*** DATA ***
Theorem proposition4p5 (Fm : Type) (vdash : fset Fm -> Fm -> Prop)
  (HL : is_logic vdash) (N : nsys Fm) :
  (* 1 *)
  (forall bot top : Fm, botP vdash bot -> topW vdash top ->
     (clR_top top bot (PNc vdash N) <-> exists psi, N top psi)) /\
  (* 2 *)
  (forall bot top : Fm, botP vdash bot -> topW vdash top -> cl_WO vdash N ->
     (cl_top top N <-> clR_top top bot (PNc vdash N))) /\
  (* 3 *)
  (forall bot top : Fm, botP vdash bot -> topW vdash top ->
     (clR_bot bot top (PNc vdash N) <->
      exists psi, N bot psi /\ Cn_full vdash (set1 psi))) /\
  (* 4 *)
  (forall bot top : Fm, botP vdash bot -> topW vdash top -> cl_WO vdash N ->
     (cl_bot bot N <-> clR_bot bot top (PNc vdash N))) /\
  (* 5 *)
  clR_WO vdash (PNc vdash N) /\
  (* 6 *)
  (cl_SI vdash N -> clR_SI vdash (PNc vdash N)) /\
  (* 7 *)
  (forall (bot top : Fm) (neg : Fm -> Fm) (conj : Fm -> Fm -> Fm),
     botP vdash bot -> topP vdash top -> negI vdash neg -> negA vdash neg ->
     negPP vdash conj neg -> cl_WO vdash N ->
     (cl_SI vdash N <-> clR_SI vdash (PNc vdash N))) /\
  (* 8 *)
  (forall conj disj : Fm -> Fm -> Fm,
     andP vdash conj -> orS vdash disj -> cl_AND conj N ->
     clR_AND disj (PNc vdash N)) /\
  (* 9 *)
  (forall (bot top : Fm) (neg : Fm -> Fm) (conj disj : Fm -> Fm -> Fm),
     botP vdash bot -> topP vdash top -> negI vdash neg -> negA vdash neg ->
     negPP vdash conj neg -> orP vdash disj -> cl_WO vdash N ->
     (cl_AND conj N <-> clR_AND disj (PNc vdash N))) /\
  (* 10 *)
  (forall disj : Fm -> Fm -> Fm,
     orS vdash disj -> cl_OR disj N -> cl_WO vdash N ->
     clR_OR disj (PNc vdash N)) /\
  (* 11 *)
  (forall (bot top : Fm) (neg : Fm -> Fm) (conj disj : Fm -> Fm -> Fm),
     botP vdash bot -> topP vdash top -> negI vdash neg -> negA vdash neg ->
     negPP vdash conj neg -> orP vdash disj -> cl_WO vdash N ->
     (cl_OR disj N <-> clR_OR disj (PNc vdash N))) /\
  (* 12 *)
  (forall conj : Fm -> Fm -> Fm,
     andP vdash conj -> cl_CT conj N -> clR_CT conj N (PNc vdash N)) /\
  (* 13 *)
  (forall (bot top : Fm) (neg : Fm -> Fm) (conj : Fm -> Fm -> Fm),
     botP vdash bot -> topP vdash top -> negI vdash neg -> negA vdash neg ->
     negPP vdash conj neg -> cl_WO vdash N ->
     (cl_CT conj N <-> clR_CT conj N (PNc vdash N))).
Proof.
  (* ⊥_P is superfluous in items 3, 7, 9, 11 and 13, and ⊤_W in item 1. *)
  split; [intros bot top Hbot _; exact (PNc_bot_iff HL N top Hbot) |].
  split.
  { intros bot top Hbot Htop Hwo. unfold cl_top, clR_top.
    rewrite (N_top_iff top Htop Hwo). symmetry. exact (PNc_bot_iff HL N top Hbot). }
  split; [intros bot top _ Htop; exact (PNc_top_iff HL N bot Htop) |].
  split.
  { intros bot top Hbot Htop Hwo. unfold cl_bot, clR_bot.
    rewrite (N_bot_iff bot Hbot Hwo). symmetry. exact (PNc_top_iff HL N bot Htop). }
  split; [apply (PNc_WO HL) |].
  split; [apply PNc_SI |].
  split; [intros bot top neg conj _ Htop HnI HnA HnP Hwo;
          exact (SI_iff_PNc_SI HL Htop HnI HnA HnP Hwo) |].
  split; [apply (PNc_AND HL) |].
  split; [intros bot top neg conj disj _ Htop HnI HnA HnP Hdisj Hwo;
          exact (AND_iff_PNc_AND HL Htop HnI HnA HnP Hwo Hdisj) |].
  split; [apply (PNc_OR HL) |].
  split; [intros bot top neg conj disj _ Htop HnI HnA HnP _ Hwo;
          exact (OR_iff_PNc_OR HL Htop HnI HnA HnP Hwo disj) |].
  split; [intros conj _; apply PNc_CT |].
  intros bot top neg conj _ Htop HnI HnA HnP Hwo.
  exact (CT_iff_PNc_CT HL Htop HnI HnA HnP Hwo).
Qed.
(* Let $L$ be a finite set of horizontal line segments in an axis-parallel rectangle $R$ of height $h$, let $\rho>0$, and let $S_1,\dots,S_t$, $t=\lceil h/(\sqrt3\rho)\rceil$, be the horizontal strips of $R$ of width $\sqrt3\rho$. Let $Q_j$ and $Z_j$ ($j=1,\dots,t$) be the output point set and the number of iterations of the strip-greedy procedure described in the context, applied to strip $S_j$. Then (a) $\bigcup_{j=1}^t Q_j$ covers every segment of $L$ and $\left|\bigcup_{j=1}^t Q_j\right| \le 6\,OPT_h$, and (b) $\frac13\sum_{j=1}^t Z_j \le OPT_h$, where $OPT_h$ is the minimum number of sensors of range $\rho$ needed to cover all segments of $L$.
   Context: A sensor at point $s$ with range $\rho$ covers a segment $\ell$ if $\operatorname{dist}(s,\ell)\le\rho$; the hippodrome $H(\ell,\rho)$ is the set of points at distance at most $\rho$ from $\ell$. Write $R=[x_0,x_m]\times[y_0,y_0+h]$ and $S_i = R\cap\{y_0+(i-1)\sqrt3\rho \le y < y_0+i\sqrt3\rho\}$ (the last strip closed at the top); each horizontal segment lies in exactly one strip, and $L_i$ denotes the segments of $L$ lying in $S_i$. Strip-greedy procedure for $S_i$: set $Q_i=\emptyset$ and repeat while $L_i\neq\emptyset$: let $\ell_1\in L_i$ be the segment whose right endpoint $v_1$ has the smallest $x$-coordinate; let $L_i^1$ be the set of segments of $L_i$ whose hippodromes intersect $H(\ell_1,\rho)$ (i.e. at distance at most $2\rho$ from $\ell_1$); let $C$ be the $2\rho\times\sqrt3\rho$ rectangle inside $S_i$ (spanning the strip vertically) whose left side lies on the vertical line through $v_1$; split $C$ into two $\rho\times\sqrt3\rho$ rectangles and add their two centers to $Q_i$ (each of these rectangles is contained in the disk of radius $\rho$ about its center); delete $L_i^1\cup\{\ell_1\}$ from $L_i$. $Z_i$ is the number of iterations performed, so $|Q_i|=2Z_i$. *)

From Stdlib Require Import Reals Lra List.
Import ListNotations.
Open Scope R_scope.

Definition point : Type := (R * R)%type.

(* A horizontal segment {(x, sy) | sxl <= x <= sxr}. *)
Record hseg : Type := HSeg { sy : R; sxl : R; sxr : R }.

(* Euclidean distance from point p to the (closed) horizontal segment l
   (assuming sxl l <= sxr l): the nearest point of l is obtained by clamping
   the x-coordinate into [sxl l, sxr l]. *)
Definition dist_pt_seg (p : point) (l : hseg) : R :=
  let cx := Rmax (sxl l) (Rmin (fst p) (sxr l)) in
  sqrt ((fst p - cx) ^ 2 + (snd p - sy l) ^ 2).

Definition covers_seg (rho : R) (s : point) (l : hseg) : Prop :=
  dist_pt_seg s l <= rho.

Definition hippodrome (l : hseg) (rho : R) (p : point) : Prop :=
  dist_pt_seg p l <= rho.

Definition hipp_intersect (rho : R) (l1 l2 : hseg) : Prop :=
  exists p : point, hippodrome l1 rho p /\ hippodrome l2 rho p.

Definition covers_all (rho : R) (P : point -> Prop) (L : list hseg) : Prop :=
  forall l, In l L -> exists s, P s /\ covers_seg rho s l.

Definition is_opt (rho : R) (L : list hseg) (n : nat) : Prop :=
  (exists P : list point, length P = n /\ covers_all rho (fun s => In s P) L) /\
  (forall P : list point, covers_all rho (fun s => In s P) L -> (n <= length P)%nat).

Definition seg_in_rect (x0 xm y0 h : R) (l : hseg) : Prop :=
  x0 <= sxl l /\ sxl l <= sxr l /\ sxr l <= xm /\ y0 <= sy l /\ sy l <= y0 + h.

(* Segment l (inside R) lies in strip S_i, i in 1..t; the last strip S_t
   is closed at the top (and bounded above by the top of R). *)
Definition in_strip (y0 rho : R) (t i : nat) (l : hseg) : Prop :=
  (1 <= i <= t)%nat /\
  y0 + (INR i - 1) * (sqrt 3 * rho) <= sy l /\
  (sy l < y0 + INR i * (sqrt 3 * rho) \/ i = t).

(* The two centers added in an iteration of the strip-greedy procedure for
   strip S_i, when the chosen segment has right endpoint x-coordinate xr:
   C = [xr, xr + 2 rho] x [y0+(i-1)sqrt3 rho, y0+i sqrt3 rho] is split into
   two rho x sqrt3 rho rectangles, whose centers are returned. *)
Definition center1 (y0 rho : R) (i : nat) (xr : R) : point :=
  (xr + rho / 2, y0 + (INR i - 1) * (sqrt 3 * rho) + sqrt 3 * rho / 2).
Definition center2 (y0 rho : R) (i : nat) (xr : R) : point :=
  (xr + 3 * rho / 2, y0 + (INR i - 1) * (sqrt 3 * rho) + sqrt 3 * rho / 2).

(* Ties in the choice of l1 may be broken arbitrarily. *)
Inductive greedy_run (y0 rho : R) (i : nat) : list hseg -> list point -> nat -> Prop :=
| greedy_done : forall Li, Li = [] -> greedy_run y0 rho i Li [] 0
| greedy_step : forall Li l1 Li' Q Z,
    In l1 Li ->
    (forall l, In l Li -> sxr l1 <= sxr l) ->
    (forall l, In l Li' <-> (In l Li /\ l <> l1 /\ ~ hipp_intersect rho l l1)) ->
    greedy_run y0 rho i Li' Q Z ->
    greedy_run y0 rho i Li (center1 y0 rho i (sxr l1) :: center2 y0 rho i (sxr l1) :: Q) (S Z).
Definition is_hilbert : Prop := inner_product_axioms /\ ip_complete.

Definition bounded_op (T : H -> H) : Prop :=
  (forall (a : R[i]) (x y : H), T (a *: x + y) = a *: T x + T y) /\
  exists c : R, forall x : H, ip (T x) (T x) <= (c%:C)%C * ip x x.

Definition commutative_subalgebra (B : (H -> H) -> Prop) : Prop :=
  [/\ (forall T, B T -> bounded_op T),
      (forall S T, B S -> B T -> B (fun x => S x + T x)),
      (forall (a : R[i]) T, B T -> B (fun x => a *: T x)),
      (forall S T, B S -> B T -> B (S \o T)) &
      (forall S T, B S -> B T -> S \o T = T \o S)].

(* C^n (x) H as n-tuples of vectors, its inner product, and the action of an
   n x n operator matrix *)
Definition ipn (n : nat) (x y : 'I_n -> H) : R[i] := \sum_(i < n) ip (x i) (y i).
Definition opmx_apply (n : nat) (M : 'I_n -> 'I_n -> H -> H) (x : 'I_n -> H) :
  'I_n -> H := fun i => \sum_(j < n) M i j (x j).

(* Koszul complex of (T_j - lam_j)_{j in I}: the space is the direct sum over
   subsets S of I (S <-> e_S in the exterior algebra of C^I, tensor H), and
   d(e_S (x) h) = sum_{j notin S} e_j /\ e_S (x) (T_j - lam_j) h,
   using the order of I given by enum_rank. *)
Definition koszul_d (I : finType) (T : I -> H -> H) (lam : I -> R[i])
  (x : {set I} -> H) : {set I} -> H :=
  fun S => \sum_(j in S)
    ((-1) ^+ #|[set i in S | (enum_rank i < enum_rank j)%N]|) *:
       (T j (x (S :\ j)) - lam j *: x (S :\ j)).

Definition taylor_spectrum (I : finType) (T : I -> H -> H) (lam : I -> R[i]) : Prop :=
  ~ (forall x : {set I} -> H, (forall S, koszul_d T lam x S = 0) ->
        exists y : {set I} -> H, forall S, koszul_d T lam y S = x S).

End HilbertDefs.

Definition conjtr (R : realType) (m n : nat) (A : 'M[R[i]]_(m, n)) : 'M[R[i]]_(n, m) :=
  (map_mx Num.conj A)^T.

Definition in_Pi (R : realType) (n : nat) (M : 'M[R[i]]_n) : Prop :=
  forall v : 'cV[R[i]]_n, v != 0 ->
    0 < (conjtr v *m (M + conjtr M) *m v) ord0 ord0.

(* index set of the family (R_k)_{ij}, k < N, i, j < n_k *)
Definition entry_index (N : nat) (n : 'I_N -> nat) : finType :=
  {k : 'I_N & ('I_(n k) * 'I_(n k))%type}.

(* Suppose [lam] lies in the Taylor spectrum but some block [Lam_k = (lam_(k,ij))_ij] is not
   in [Pi], and pick [v <> 0] with [Re (v^* Lam_k v) <= 0].  Since [R_k] is accretive, the
   compression [A = sum_ij conj(v_i) v_j ((R_k)_ij - lam_(k,ij))] is coercive:
   [Re <A y, y> >= (s |v|^2 / 2) |y|^2].  A bounded coercive operator on a Hilbert space is
   invertible (Lax-Milgram: [y |-> y + t (b - A y)] is a contraction for small [t > 0]), and
   [A^-1] commutes with the whole family.  The operators [U_(k,ij) = conj(v_i) v_j A^-1] then
   commute with the family and satisfy [sum U_(k,ij) ((R_k)_ij - lam_(k,ij)) = 1], which gives
   a contracting homotopy of the Koszul complex: it is exact, a contradiction. *)

From HB Require Import structures.
From mathcomp Require Import all_boot all_order all_algebra.
From mathcomp Require Import complex reals topology normedtype sequences.
From mathcomp Require Import ring lra.
Import numFieldNormedType.Exports.
Import Order.TTheory GRing.Theory Num.Theory.
Local Open Scope ring_scope.
Set Implicit Arguments. Unset Strict Implicit. Unset Printing Implicit Defensive.

Section ComplexRe.
Variable R : realType.
Implicit Types (t : R) (x : R[i]).

Lemma Re_realMl t x : complex.Re ((t%:C)%C * x) = t * complex.Re x.
Proof. by case: x => a b /=; rewrite mul0r subr0. Qed.

Lemma Re_realMr t x : complex.Re (x * (t%:C)%C) = complex.Re x * t.
Proof. by rewrite mulrC Re_realMl mulrC. Qed.

Lemma Re_conj x : complex.Re x^* = complex.Re x.
Proof. by case: x. Qed.

Lemma addr_conj x : x + x^* = ((complex.Re x *+ 2)%:C)%C.
Proof. by case: x => a b; simpc; rewrite mulr2n. Qed.

Lemma ge0_Re_real x : 0 <= x -> x = ((complex.Re x)%:C)%C.
Proof. by move=> x_ge0; have := ger0_Im x_ge0; case: x {x_ge0} => a b /= ->. Qed.

End ComplexRe.

Lemma geometric_lt_eventually (R : realType) (q B e : R) : 0 <= q -> q < 1 -> 0 < e ->
  exists K, forall k, (K <= k)%N -> q ^+ k * B < e.
Proof.
move=> q_ge0 q_lt1 e_gt0.
have [|K _ hK] := (cvgrPdist_lt _ _).1 (cvg_geometric B (z := q) _) e e_gt0.
  by rewrite ger0_norm.
exists K => k /hK /=; rewrite sub0r normrN /geometric /= mulrC.
exact: le_lt_trans (ler_norm _).
Qed.

Section QuadraticForm.
Variable R : realType.

Lemma conjtrM m n p (A : 'M[R[i]]_(m, n)) (B : 'M[R[i]]_(n, p)) :
  conjtr (A *m B) = conjtr B *m conjtr A.
Proof. by rewrite /conjtr map_mxM trmx_mul. Qed.

Lemma conjtrK m n (A : 'M[R[i]]_(m, n)) : conjtr (conjtr A) = A.
Proof. by apply/matrixP => i j; rewrite !mxE conjCK. Qed.

Definition compression_weight n (v : 'cV[R[i]]_n) (ij : 'I_n * 'I_n) : R[i] :=
  (v ij.1 ord0)^* * v ij.2 ord0.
*** End of DATA ***
## TASK OBJECTIVE
Reproduce verbatim only this range: the first line of the material through the line that contains "andP vdash conj -> cl_CT", inclusive.

## TASK RESPONSE
Theorem proposition4p5 (Fm : Type) (vdash : fset Fm -> Fm -> Prop)
  (HL : is_logic vdash) (N : nsys Fm) :
  (* 1 *)
  (forall bot top : Fm, botP vdash bot -> topW vdash top ->
     (clR_top top bot (PNc vdash N) <-> exists psi, N top psi)) /\
  (* 2 *)
  (forall bot top : Fm, botP vdash bot -> topW vdash top -> cl_WO vdash N ->
     (cl_top top N <-> clR_top top bot (PNc vdash N))) /\
  (* 3 *)
  (forall bot top : Fm, botP vdash bot -> topW vdash top ->
     (clR_bot bot top (PNc vdash N) <->
      exists psi, N bot psi /\ Cn_full vdash (set1 psi))) /\
  (* 4 *)
  (forall bot top : Fm, botP vdash bot -> topW vdash top -> cl_WO vdash N ->
     (cl_bot bot N <-> clR_bot bot top (PNc vdash N))) /\
  (* 5 *)
  clR_WO vdash (PNc vdash N) /\
  (* 6 *)
  (cl_SI vdash N -> clR_SI vdash (PNc vdash N)) /\
  (* 7 *)
  (forall (bot top : Fm) (neg : Fm -> Fm) (conj : Fm -> Fm -> Fm),
     botP vdash bot -> topP vdash top -> negI vdash neg -> negA vdash neg ->
     negPP vdash conj neg -> cl_WO vdash N ->
     (cl_SI vdash N <-> clR_SI vdash (PNc vdash N))) /\
  (* 8 *)
  (forall conj disj : Fm -> Fm -> Fm,
     andP vdash conj -> orS vdash disj -> cl_AND conj N ->
     clR_AND disj (PNc vdash N)) /\
  (* 9 *)
  (forall (bot top : Fm) (neg : Fm -> Fm) (conj disj : Fm -> Fm -> Fm),
     botP vdash bot -> topP vdash top -> negI vdash neg -> negA vdash neg ->
     negPP vdash conj neg -> orP vdash disj -> cl_WO vdash N ->
     (cl_AND conj N <-> clR_AND disj (PNc vdash N))) /\
  (* 10 *)
  (forall disj : Fm -> Fm -> Fm,
     orS vdash disj -> cl_OR disj N -> cl_WO vdash N ->
     clR_OR disj (PNc vdash N)) /\
  (* 11 *)
  (forall (bot top : Fm) (neg : Fm -> Fm) (conj disj : Fm -> Fm -> Fm),
     botP vdash bot -> topP vdash top -> negI vdash neg -> negA vdash neg ->
     negPP vdash conj neg -> orP vdash disj -> cl_WO vdash N ->
     (cl_OR disj N <-> clR_OR disj (PNc vdash N))) /\
  (* 12 *)
  (forall conj : Fm -> Fm -> Fm,
     andP vdash conj -> cl_CT conj N -> clR_CT conj N (PNc vdash N)) /\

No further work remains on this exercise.